Через неделю комитет фонда Спасения Канарских островов объявил миру со страниц “Дейли пресс”, что щедрая британская публика пожертвовала круглым счетом сто тысяч фунтов в помощь пострадавшим от недавнего землетрясения. В тот же день Карн присутствовал на заседании комитета на Глостер-плейс. Предложение, внесенное леди Уэлтершолл и поддержанное Саймоном Карном, было принято единогласно.
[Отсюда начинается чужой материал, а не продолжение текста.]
(* Let $\theta$ be a random variable with a continuous distribution, let $u(q,\theta)$ be a utility function, monotone increasing in $q$, with $\partial^2u(q,\theta)/\partial q^2=-1/d$ for all $(q,\theta)$, where $d>0$. Let $\lambda>0$, $\epsilon>0$ and let the penalty with deadband be $$\phi(x)=\begin{cases}\dfrac{(|x|-\epsilon)^2}{2\lambda}, & |x|\ge\epsilon,\\ 0, & \text{otherwise.}\end{cases}$$ Let $\pi_0>0$, $\pi_2>0$, $p\in(0,1)$. Define $q^a(\theta)=\arg\min_q\{\pi_0 q-u(q,\theta)\}$, $q^b(f,\theta)=\arg\min_q\{\pi_0 q-u(q,\theta)+\phi(f-q)\}$, $q^c(\theta)=\arg\min_q\{\pi_0 q-u(q,\theta)-\pi_2(f-q)\}$, $$H(f)=p\,\mathbb{E}_\theta[\pi_0 q^c-u(q^c,\theta)-\pi_2(f-q^c)]+(1-p)\,\mathbb{E}_\theta[\pi_0 q^b-u(q^b,\theta)+\phi(f-q^b)],$$ and let $f^*$ be the optimal baseline report (minimizer of $H$). Suppose $q^a(\theta)\in[q_{\min},q_{\max}]$ for all $\theta$ and $\max\{q_{\max}-\mathbb{E}_\theta q^a(\theta),\ \mathbb{E}_\theta q^a(\theta)-q_{\min}\}\le\epsilon$. Then the expected inflation of the baseline report satisfies $$\mathbb{E}_\theta\,\delta f^*(p)=f^*-\mathbb{E}_\theta q^a(\theta)\le(d+\lambda)\frac{p\,\pi_2}{1-p}+\epsilon,$$ and the mechanism is individually rational.
   Context: A consumer in a demand response program self-reports baseline $f$; with probability $p$ it is called and paid $\pi_2$ per unit of reduction $f-q$, otherwise it pays the penalty $\phi(f-q)$. $\pi_0$ is the retail price and $q^a(\theta)$ is the consumption when not participating (true baseline). Individual rationality means that the consumer's minimal expected cost when participating with its optimal report, $H(f^* )$, is no larger than its expected cost when not participating, $\mathbb{E}_\theta[\pi_0 q^a(\theta)-u(q^a(\theta),\theta)]$. *)

From HB Require Import structures.
From mathcomp Require Import all_boot all_order all_algebra.
From mathcomp Require Import all_classical all_reals all_analysis.
Set Implicit Arguments. Unset Strict Implicit. Unset Printing Implicit Defensive.
Import Order.TTheory GRing.Theory Num.Theory.
Local Open Scope ring_scope.
Lemma not_synchronizes : ~ synchronizes P theta phi.
Proof.
move=> [At [[[At0 _ mAt] _ attracts] At1]].
have [K [cK tightK]] := orbit_tight.
have [m Psep] := separation_event_large.
have e0 : 0 < m.+1%:R^-1 / 2 :> R by rewrite divr_gt0.
have quarter_gt0 : 0 < 4^-1 :> R by [].
have [N _ PN] := attracts K cK _ e0 _ (nbhs_open_ereal_lt (f := fun=> 4^-1) quarter_gt0).
have [M [mM PM MK]] := tightK N.
have := pullback_deviation_large At0 mAt At1 cK mM PM MK Psep.
by move=> /lt_trans /(_ (PN N (leqnn N))); rewrite ltxx.
Qed.

End no_synchronization.

Theorem proposition2 (R : realType) (d : measure_display)
  (Omega : measurableType d) (P : probability Omega R)
  (theta : int -> Omega -> Omega)
  (H : completeNormedModType R)
  (phi : nat -> Omega -> H -> H)
  (A : Omega -> set H) (mu : R) (alpha beta : Omega -> R) :
  separable_hilbert H ->
  metric_dynamical_system P theta ->
  random_dynamical_system theta phi ->
  random_point P A ->
  phi_invariant P theta phi A ->
  0 < mu ->
  measurable_fun [set: Omega] alpha ->
  measurable_fun [set: Omega] beta ->
  (forall w, 0 < alpha w /\ alpha w < beta w /\ beta w < 1) ->
  {ae P, forall w, exists x y, U_set theta phi A mu alpha beta w x /\
                               U_set theta phi A mu alpha beta w y /\ x <> y} ->
  (exists x : nat -> Omega -> H,
     (forall n, random_point P (fun w => [set x n w])) /\
     {ae P, forall w, dist_set (x 0%N w) (A w) <= alpha w /\ ~ A w (x 0%N w) /\
                      backward_seq theta phi A mu beta w (fun n => x n w)}) ->
  ~ synchronizes P theta phi.
Proof.
move=> /separable_hilbert_dense_seq[u u_dense] [theta0 thetaD theta_mf theta_pres] rds.
move=> [A0 A1 mA] A_inv mu0 _ _ alpha_beta _ [x [x_random x_orbit]].
have [phi0 phiD phi_cont _ _] := rds.
apply: (not_synchronizes (x := x) u_dense theta0 thetaD theta_mf theta_pres
  phi0 phiD phi_cont (measurable_pullback_ball theta_mf rds) A0 A1 mA A_inv mu0
  (fun w => ltW (alpha_beta w).2.2)).
- move=> t y; have [_ _ /(_ y)] := x_random t.
  by under eq_fun do rewrite dist_set1.
- by apply: filterS x_orbit => w [].
Qed.
(* Let $n\ge0$, $r\in\mathcal{Y}_n$ and let $\mathsf{R}\subseteq[n]$ be an admissible set of internal nodes of $r$ (nodes labeled in-order). Then $r|_{\mathsf{R}}=r'_{\mathsf{R}}$ and $r|_{\mathsf{R}^c}=r''_{\mathsf{R}}$.
   Context: Permutations in one-line notation; $\mathrm{st}$ standardizes sequences of distinct integers. For $\sigma\in\mathfrak{S}_p,\tau\in\mathfrak{S}_q$, $\sigma\vee\tau=(\sigma(1)+q,..,\sigma(p)+q,p+q+1,\tau(1),..,\tau(q))$. Trees: $\mathcal{Y}_n$ = rooted planar binary trees with $n$ internal nodes, $\mathcal{Y}_0=\{|\}$; $s\vee t$ = root with left subtree $s$, right subtree $t$; $|\backslash t=t$, $s\backslash t=s_l\vee(s_r\backslash t)$. $\lambda(\mathrm{id}_0)=|$, $\lambda(\sigma)=\lambda(\mathrm{st}(\sigma(1..j-1)))\vee\lambda(\mathrm{st}(\sigma(j+1..n)))$ where $j=\sigma^{-1}(n)$; $\gamma(|)=\mathrm{id}_0$, $\gamma(t)=\gamma(t_l)\vee\gamma(t_r)$. For $\mathsf{R}=\{R_1<..<R_p\}\subseteq[n]$: $\rho|_{\mathsf{R}}=\mathrm{st}(\rho(R_1),..,\rho(R_p))$ and $r|_{\mathsf{R}}=\lambda(\gamma(r)|_{\mathsf{R}})$; $\mathsf{R}^c=[n]\setminus\mathsf{R}$. In-order labeling: if $r=s\vee t$ with $s\in\mathcal{Y}_{j-1}$, the root is labeled $j$, nodes of $s$ keep their labels, nodes of $t$ get their labels increased by $j$. $\mathsf{R}$ is admissible if for each $x\in\mathsf{R}$ the left child of $x$ and all its internal descendants lie in $\mathsf{R}$. Pruning: cut every edge joining a node of $\mathsf{R}$ to a node not in $\mathsf{R}$; the pieces containing nodes of $\mathsf{R}$ are planar binary trees $r_1,..,r_p$ ordered left to right by the positions of their leaves, and $r'_{\mathsf{R}}=r_1\backslash\cdots\backslash r_p$; the remaining pieces are assembled into $r''_{\mathsf{R}}$ by grafting each piece onto the leaf, of the piece immediately below it, that lies below its root. Equivalently, recursively: $|'=|''=|$; for $r=s\vee t$, $\mathsf{S}=\mathsf{R}\cap s$, $\mathsf{T}=\mathsf{R}\cap t$: if the root is in $\mathsf{R}$, $r'_{\mathsf{R}}=s\vee t'_{\mathsf{T}}$, $r''_{\mathsf{R}}=t''_{\mathsf{T}}$; otherwise $r'_{\mathsf{R}}=s'_{\mathsf{S}}\backslash t'_{\mathsf{T}}$, $r''_{\mathsf{R}}=s''_{\mathsf{S}}\vee t''_{\mathsf{T}}$. *)

From mathcomp Require Import all_boot.
Set Implicit Arguments. Unset Strict Implicit. Unset Printing Implicit Defensive.

(* Permutations in one-line notation: seq nat with values 1..n. *)

Definition st (s : seq nat) : seq nat :=
  [seq (count (fun y => y < x) s).+1 | x <- s].

Definition perm_vee (sigma tau : seq nat) : seq nat :=
  [seq x + size tau | x <- sigma] ++ (size sigma + size tau).+1 :: tau.

(* Rooted planar binary trees; the size is the number of internal nodes. *)
Inductive tree : Type := Leaf | Node of tree & tree.

Fixpoint nnodes (t : tree) : nat :=
  match t with Leaf => 0 | Node l r => (nnodes l + nnodes r).+1 end.

Fixpoint under (s t : tree) : tree :=
  match s with Leaf => t | Node sl sr => Node sl (under sr t) end.

Fixpoint lam_aux (k : nat) (s : seq nat) : tree :=
  match k with
  | 0 => Leaf
  | k'.+1 =>
      if s is [::] then Leaf else
      let j := index (size s) s in   (* j-1 = sigma^{-1}(n) - 1, 0-based *)
      Node (lam_aux k' (st (take j s))) (lam_aux k' (st (drop j.+1 s)))
  end.

Definition lambda (s : seq nat) : tree := lam_aux (size s) s.

Fixpoint gamma (t : tree) : seq nat :=
  match t with Leaf => [::] | Node l r => perm_vee (gamma l) (gamma r) end.

(* rho|_R = st(rho(R_1),...,rho(R_p)), R_1 < ... < R_p, positions 1-based *)
Definition restrp (rho : seq nat) (R : seq nat) : seq nat :=
  st [seq nth 0 rho i.-1 | i <- iota 1 (size rho) & i \in R].

Definition restrt (r : tree) (R : seq nat) : tree := lambda (restrp (gamma r) R).

Definition compl (n : nat) (R : seq nat) : seq nat :=
  [seq i <- iota 1 n | i \notin R].

(* In-order labeling of the subtree t whose labels start at o+1:
   for t = Node l r the root gets label o + nnodes l + 1, l gets labels
   o+1..o+nnodes l, r gets labels shifted by o + nnodes l + 1. *)

Fixpoint admissible_aux (R : seq nat) (o : nat) (t : tree) : bool :=
  match t with
  | Leaf => true
  | Node l r =>
      let x := o + nnodes l + 1 in
      [&& (x \in R) ==> all (fun y => y \in R) (iota o.+1 (nnodes l)),
          admissible_aux R o l & admissible_aux R x r]
  end.

Definition admissible (r : tree) (R : seq nat) : bool := admissible_aux R 0 r.

Fixpoint prune1_aux (R : seq nat) (o : nat) (t : tree) : tree :=
  match t with
  | Leaf => Leaf
  | Node l r =>
      let x := o + nnodes l + 1 in
      if x \in R then Node l (prune1_aux R x r)
      else under (prune1_aux R o l) (prune1_aux R x r)
  end.

Fixpoint prune2_aux (R : seq nat) (o : nat) (t : tree) : tree :=
  match t with
  | Leaf => Leaf
  | Node l r =>
      let x := o + nnodes l + 1 in
      if x \in R then prune2_aux R x r
      else Node (prune2_aux R o l) (prune2_aux R x r)
  end.

Definition prune1 (r : tree) (R : seq nat) : tree := prune1_aux R 0 r.
Definition prune2 (r : tree) (R : seq nat) : tree := prune2_aux R 0 r.

From mathcomp Require Import all_boot.
From mathcomp Require Import zify.

(* lambda only sees the relative order of the values: lambda (st u) is the
   decreasing tree of u, whose root is the maximum of u and whose subtrees are
   the decreasing trees of the subwords left and right of it.  Restricting
   gamma r to a set of in-order positions thus gives the decreasing tree of a
   subword of gamma (l \/ r') = (gamma l + q) (p+q+1) (gamma r').  By induction
   on r: if the root is kept, admissibility keeps all of gamma l, whose
   decreasing tree is l; if it is dropped, every kept value coming from l
   exceeds every kept value coming from r', and the decreasing tree of such a
   concatenation is the grafting s \ t.  The complement behaves dually. *)

Fixpoint decr_tree_rec (k : nat) (s : seq nat) : tree :=
  match k with
  | 0 => Leaf
  | k'.+1 =>
      if s is [::] then Leaf else
      let j := index (\max_(x <- s) x) s in
      Node (decr_tree_rec k' (take j s)) (decr_tree_rec k' (drop j.+1 s))
  end.

Definition decr_tree (s : seq nat) : tree := decr_tree_rec (size s) s.

Lemma bigmax_mem (s : seq nat) : s != [::] -> \max_(x <- s) x \in s.
Proof.
elim: s => // y [|z s] IH _; first by rewrite big_seq1 mem_head.
rewrite big_cons in_cons /maxn; case: ltnP => _; last by rewrite eqxx.
by rewrite IH ?orbT.
Qed.

Lemma split_first_max s : s != [::] ->
  exists A M B, [/\ s = A ++ M :: B, {in A, forall x, x < M} & {in B, forall x, x <= M}].
Proof.
move=> /bigmax_mem; set M := \max_(x <- s) x => Ms.
exists (take (index M s) s), M, (drop (index M s).+1 s); split.
- by rewrite -drop_index // cat_take_drop.
- move=> x xA; rewrite ltn_neqAle leq_bigmax_seq ?(mem_take xA) // andbT.
  by apply: contraTneq xA => ->; rewrite in_take // ltnn.
- by move=> x /mem_drop xs; apply: leq_bigmax_seq.
Qed.

Lemma decr_tree_recS k s (j := index (\max_(x <- s) x) s) : s != [::] ->
  decr_tree_rec k.+1 s = Node (decr_tree_rec k (take j s)) (decr_tree_rec k (drop j.+1 s)).
Proof. by case: s @j. Qed.

Lemma decr_tree_rec_fuel k1 k2 s :
  size s <= k1 -> size s <= k2 -> decr_tree_rec k1 s = decr_tree_rec k2 s.
Proof.
elim: k1 k2 s => [|k1 IH] [|k2] s; try by case: s.
case: (eqVneq s [::]) => [-> // | s0 le1 le2].
have lt_j : index (\max_(x <- s) x) s < size s by rewrite index_mem bigmax_mem.
rewrite !decr_tree_recS //; congr Node; apply: IH;
  rewrite ?size_take ?size_drop ?lt_j; lia.
Qed.

Lemma decr_treeE s (j := index (\max_(x <- s) x) s) : s != [::] ->
  decr_tree s = Node (decr_tree (take j s)) (decr_tree (drop j.+1 s)).
Proof.
move=> s0; have lt_j : j < size s by rewrite index_mem bigmax_mem.
have [k size_s] : exists k, size s = k.+1 by case: (size s) lt_j => // k; exists k.
rewrite {1}/decr_tree size_s decr_tree_recS //; congr Node; apply: decr_tree_rec_fuel;
  rewrite ?size_take ?size_drop ?lt_j; lia.
Qed.

Lemma drop_pivot (T : eqType) (x : T) s1 s2 (s := s1 ++ x :: s2) : x \notin s1 ->
  drop (index x s).+1 s = s2.
Proof. by move=> /index_pivot->; rewrite -addn1 addnC -drop_drop drop_size_cat //= drop0. Qed.

Lemma decr_tree_pivot A M B :
  {in A, forall x, x < M} -> {in B, forall x, x <= M} ->
  decr_tree (A ++ M :: B) = Node (decr_tree A) (decr_tree B).
Proof.
move=> ltAM leBM; have MA : M \notin A by apply/negP => /ltAM; rewrite ltnn.
have maxM : \max_(x <- A ++ M :: B) x = M.
  apply/eqP; rewrite eqn_leq leq_bigmax_seq ?mem_cat ?mem_head ?orbT // andbT.
  apply/bigmax_leqP_seq => x; rewrite mem_cat in_cons => /or3P[/ltAM/ltnW|/eqP->|/leBM] //.
rewrite decr_treeE; last by case: A {ltAM MA maxM}.
by rewrite maxM take_pivot // drop_pivot.
Qed.

Lemma decr_tree_map_mono f s : {in s &, {mono f : x y / x <= y}} ->
  decr_tree (map f s) = decr_tree s.
Proof.
have [k] := ubnP (size s); elim: k s => // k IH s /ltnSE le_s_k mono_f.
case: (eqVneq s [::]) => [-> // | /split_first_max[A [M [B [def_s ltA leB]]]]].
subst s; have sub_A : {subset A <= A ++ M :: B} by move=> x xA; rewrite mem_cat xA.
have sub_B : {subset B <= A ++ M :: B} by move=> x xB; rewrite mem_cat in_cons xB !orbT.
have sMs : M \in A ++ M :: B by rewrite mem_cat mem_head orbT.
have [lt_A_k lt_B_k] : size A < k /\ size B < k.
  by move: le_s_k; rewrite size_cat /=; lia.
rewrite map_cat /= !decr_tree_pivot ?(IH A) ?(IH B) //; try exact: sub_in2 mono_f.
- by move=> _ /mapP[x xA ->]; rewrite (leqW_mono_in mono_f (sub_A _ xA) sMs) ltA.
- by move=> _ /mapP[x xB ->]; rewrite (mono_f _ _ (sub_B _ xB) sMs) leB.
Qed.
Спустя неделю те члены комитета Спасения, которым дела позволяли выехать из Лондона, собирались отправиться на место бедствия на яхте председателя, предоставленной в их распоряжение, взяв с собой для раздачи ввергнутым в нищету обитателям островов упомянутую сумму, а именно сто тысяч фунтов золотом. При содействии английского консула они получили возможность лично наблюдать за выдачей пособий, а стало быть, вернувшись в Англию, смогут отчитаться перед публикой в том, каким образом были использованы собранные деньги.

— В таком случае, — сказал Карн, который не просто поддержал это предложение, но сам заронил идею в голову леди Уэлтершолл, — было бы неплохо, если бы наш председатель побеседовал с правлением банка и условился, чтобы к назначенному дню сумма была упакована и готова к вручению тем лицам, которых его светлость назначит курьерами.

— Я лично заеду в банк завтра утром, — отозвался председатель. — Может быть, вы, мистер Карн, не отказались бы сопутствовать мне?

— Если это поспособствует работе комитета, буду просто счастлив, — ответил Карн.

Так и порешили.

Во вторник, через шесть дней после собрания и за два дня до назначенного отплытия комитета, маркиз Лейверсток получил письмо. Кэролайн Уэлтершолл, граф Эмберли и Саймон Карн как раз были у него. Маркиз вскрыл конверт, прочел и перечел послание, после чего повернулся к гостям.

— Я получил крайне неожиданную новость, — сказал он. — Поскольку она касается дела, которое все мы принимаем близко к сердцу, я прочту вам письмо.

Грейт-Честертон-стрит, 154, вторник

Благородному маркизу Лейверстоку,

кавалеру ордена Подвязки,

Беркли-стрит

Милорд! Проживя по милости Провидения долгие мирные годы в стране, которой, слава богу, неведомы подобные бедствия, я взяла на себя смелость написать вашей светлости и выразить желание внести лепту в фонд, основанный вами и вашими благородными друзьями, чтобы помочь несчастным, которые пострадали от землетрясения на Канарских островах. Поскольку я одинокая старая женщина, которую Господь соизволил наделить кое-какими земными благами, считаю своим долгом сделать небольшое пожертвование, чтобы помочь тем, кому посчастливилось меньше. К сожалению, я слаба здоровьем, но если бы ваша светлость нанесли мне визит, я поблагодарила бы вас от имени всех женщин за то, что вы сделали, и в доказательство моей благодарности охотно передала бы чек на десять тысяч фунтов, дабы вы присоединили его к имеющейся сумме. С дозволения врачей я принимаю посетителей между одиннадцатью и двенадцатью часами утра и пятью и шестью часами вечера. Я была бы польщена и счастлива видеть вашу светлость. Пребывая в надежде, что вы окажете мне эту маленькую услугу, остаюсь искренне вашей

Дженет О’Гэллоран

Ненадолго воцарилось молчание, когда его светлость дочитал письмо.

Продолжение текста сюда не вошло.